Monday, Apr. 30, 1934
2687th Birthday
Rank on rank, Fascist crowds piled into the spacious Piazza Venezia last week to honor the 2687th birthday of Rome. Nervous after an exhausting week in which he had endeavored to balance Italy's lopsided budget by cutting government salaries from 6% to 12%, ordering rents and the prices in government-controlled stores reduced from 12% to 15%, and raising bachelors' income taxes 10% and 25%, Benito Mussolini strode to the balcony to make a speech.
Suddenly he found himself hemmed in and surrounded by the black silent ears of innumerable microphones. Irritably he swept the lot of them aside and bellowed viva voce to his people. Only the first few rows could hear him while those in back chatted loudly, sang Fascist hymns. Sharp ears in front heard their leader say:
"No people in any part of the world present such a spectacle as the Italian people--disciplined, understanding, tenacious. It is certain that with our discipline and our indomitable courage we will overcome these hard times. And, once through them, the Italian people will have the right to a life which is not full of restrictions and hardships, a life worthy of the Fascist era."
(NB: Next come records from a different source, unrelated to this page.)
Lemma noetherian_chain (c : nat -> R -> Prop) :
  noetherian R -> (forall n, is_ideal (c n)) ->
  (forall n m, (n <= m)%N -> included (c n) (c m)) ->
  exists N, forall n, included (c n) (c N).
Proof.
move=> noethR c_ideal c_mono.
(* the union is an ideal whose finitely many generators appear at some stage *)
pose U x := exists n, c n x.
have U_ideal : is_ideal U.
  split; first by exists 0%N; case: (c_ideal 0%N).
  - move=> a b [n ca] [m cb]; exists (maxn n m).
    case: (c_ideal (maxn n m)) => _ cD _; apply: cD.
    + by apply: c_mono ca; rewrite leq_maxl.
    + by apply: c_mono cb; rewrite leq_maxr.
  - by move=> r a [n ca]; exists n; case: (c_ideal n) => _ _ cM; apply: cM.
have [k [g Ug]] := noethR U U_ideal.
have g_in_U i : U (g i).
  apply/Ug; exists (fun j => (j == i)%:R).
  by rewrite (bigD1 i) //= eqxx mul1r big1 ?addr0 // => j /negbTE ->; rewrite mul0r.
have [stage g_stage] : exists stage : 'I_k -> nat, forall i, c (stage i) (g i) :=
  ClassicalEpsilon.choice _ g_in_U.
exists (\max_(i < k) stage i)%N => n x cx.
have /Ug [a ->] : U x by exists n.
apply: ideal_sum => // i; apply: c_mono (g_stage i).
exact: (leq_bigmax i).
Qed.

Lemma noeth_ind (P : (R -> Prop) -> Prop) :
  noetherian R ->
  (forall I, is_ideal I ->
     (forall J, is_ideal J -> included I J -> (exists x, J x /\ ~ I x) -> P J) ->
     P I) ->
  forall I, is_ideal I -> P I.
Proof.
move=> noethR step I0 I0_ideal; apply: NNPP => notP0.
(* from a counterexample, choice builds a strictly increasing chain of
   counterexamples, contradicting the ascending chain condition *)
pose bad := {I : R -> Prop | is_ideal I /\ ~ P I}.
have grow (s : bad) : exists s' : bad, included (sval s) (sval s') /\
    exists x, sval s' x /\ ~ sval s x.
  case: s => I [I_ideal notPI] /=; apply: NNPP => no_bigger; apply: notPI.
  apply: step => // J J_ideal IJ newJ; apply: NNPP => notPJ.
  by apply: no_bigger; exists (exist _ J (conj J_ideal notPJ)).
have [next next_grows] := ClassicalEpsilon.choice _ grow.
pose c n := sval (iter n next (exist _ I0 (conj I0_ideal notP0))).
have c_ideal n : is_ideal (c n) by rewrite /c; case: (iter n next _) => ? [].
have c_mono n m : (n <= m)%N -> included (c n) (c m).
  move=> /subnKC <-; elim: (m - n)%N => [|k IH]; first by rewrite addn0.
  by move=> x /IH; rewrite addnS; apply: (proj1 (next_grows _)).
have [N cN] := noetherian_chain noethR c_ideal c_mono.
have [_ [x [cx ncx]]] := next_grows (iter N next (exist _ I0 (conj I0_ideal notP0))).
exact: ncx (cN N.+1 x cx).
Qed.
(* For every integer $n\ge 2$, the Mutt polynomial \[ M(x)=\frac{(2n-1)T_{2n+1}(\sqrt{x})+(2n+1)T_{2n-1}(\sqrt{x})}{x\sqrt{x}} \] is a polynomial in $x$ of degree $n-1$ with leading coefficient $(2n-1)2^{2n}$, and \[ \operatorname{Disc}_x M(x)=\pm\,3\,(2n-1)^{n-3}(2n+1)^{n-2}\,n^{n-3}\,2^{2n^2-n-5}. \]
   Context: $T_m$ is the Chebyshev polynomial of the first kind, $T_m(\cos\theta)=\cos m\theta$. The discriminant of a polynomial of degree $d$ with leading coefficient $\gamma$ and roots $r_1,\dots,r_d$ is $\gamma^{2d-2}\prod_{i<j}(r_i-r_j)^2$ (equal to $1$ when $d=1$). *)

From HB Require Import structures.
From mathcomp Require Import all_boot all_order all_algebra all_field.
Set Implicit Arguments. Unset Strict Implicit. Unset Printing Implicit Defensive.
Import Order.TTheory GRing.Theory Num.Theory.
Local Open Scope ring_scope.

Fixpoint cheb_pair (R : nzRingType) (m : nat) : {poly R} * {poly R} :=
  match m with
  | 0%N => (1, 'X)
  | m'.+1 => let (a, b) := cheb_pair R m' in (b, 'X *+ 2 * b - a)
  end.
Definition chebT (R : nzRingType) (m : nat) : {poly R} := (cheb_pair R m).1.

(* Discriminant over an algebraically closed field, following the definition
   gamma^(2d-2) * prod_{i<j} (r_i - r_j)^2 where p = gamma * prod (X - r_i). *)
Definition poly_roots (F : closedFieldType) (p : {poly F}) : seq F :=
  sval (closed_field_poly_normal p).

Definition disc (F : closedFieldType) (p : {poly F}) : F :=
  let r := poly_roots p in
  let d := (size p).-1 in
  lead_coef p ^+ (2 * d - 2) *
  \prod_(i < size r) \prod_(j < size r | (i < j)%N) (r`_i - r`_j) ^+ 2.

From HB Require Import structures.
From mathcomp Require Import all_boot all_order all_algebra all_field.
From mathcomp Require Import ring zify.
Import Order.TTheory GRing.Theory Num.Theory.
Local Open Scope ring_scope.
Next day was inaugurated one of the high spots in the Fascist public works project, an elevenmile double-track railway tunnel through the Etruscan Appennines between Bologna and Florence which will cut seven hours from the run between Naples and Milan. Because work on the tunnel was first started 20 years ago, it was inaugurated not by Benito Mussolini but by little King Vittorio Emmanuele III, who stopped in his private car at the tunnel's mouth to dedicate a fountain to the memory of 98 workmen who lost their lives while the tunnel was building.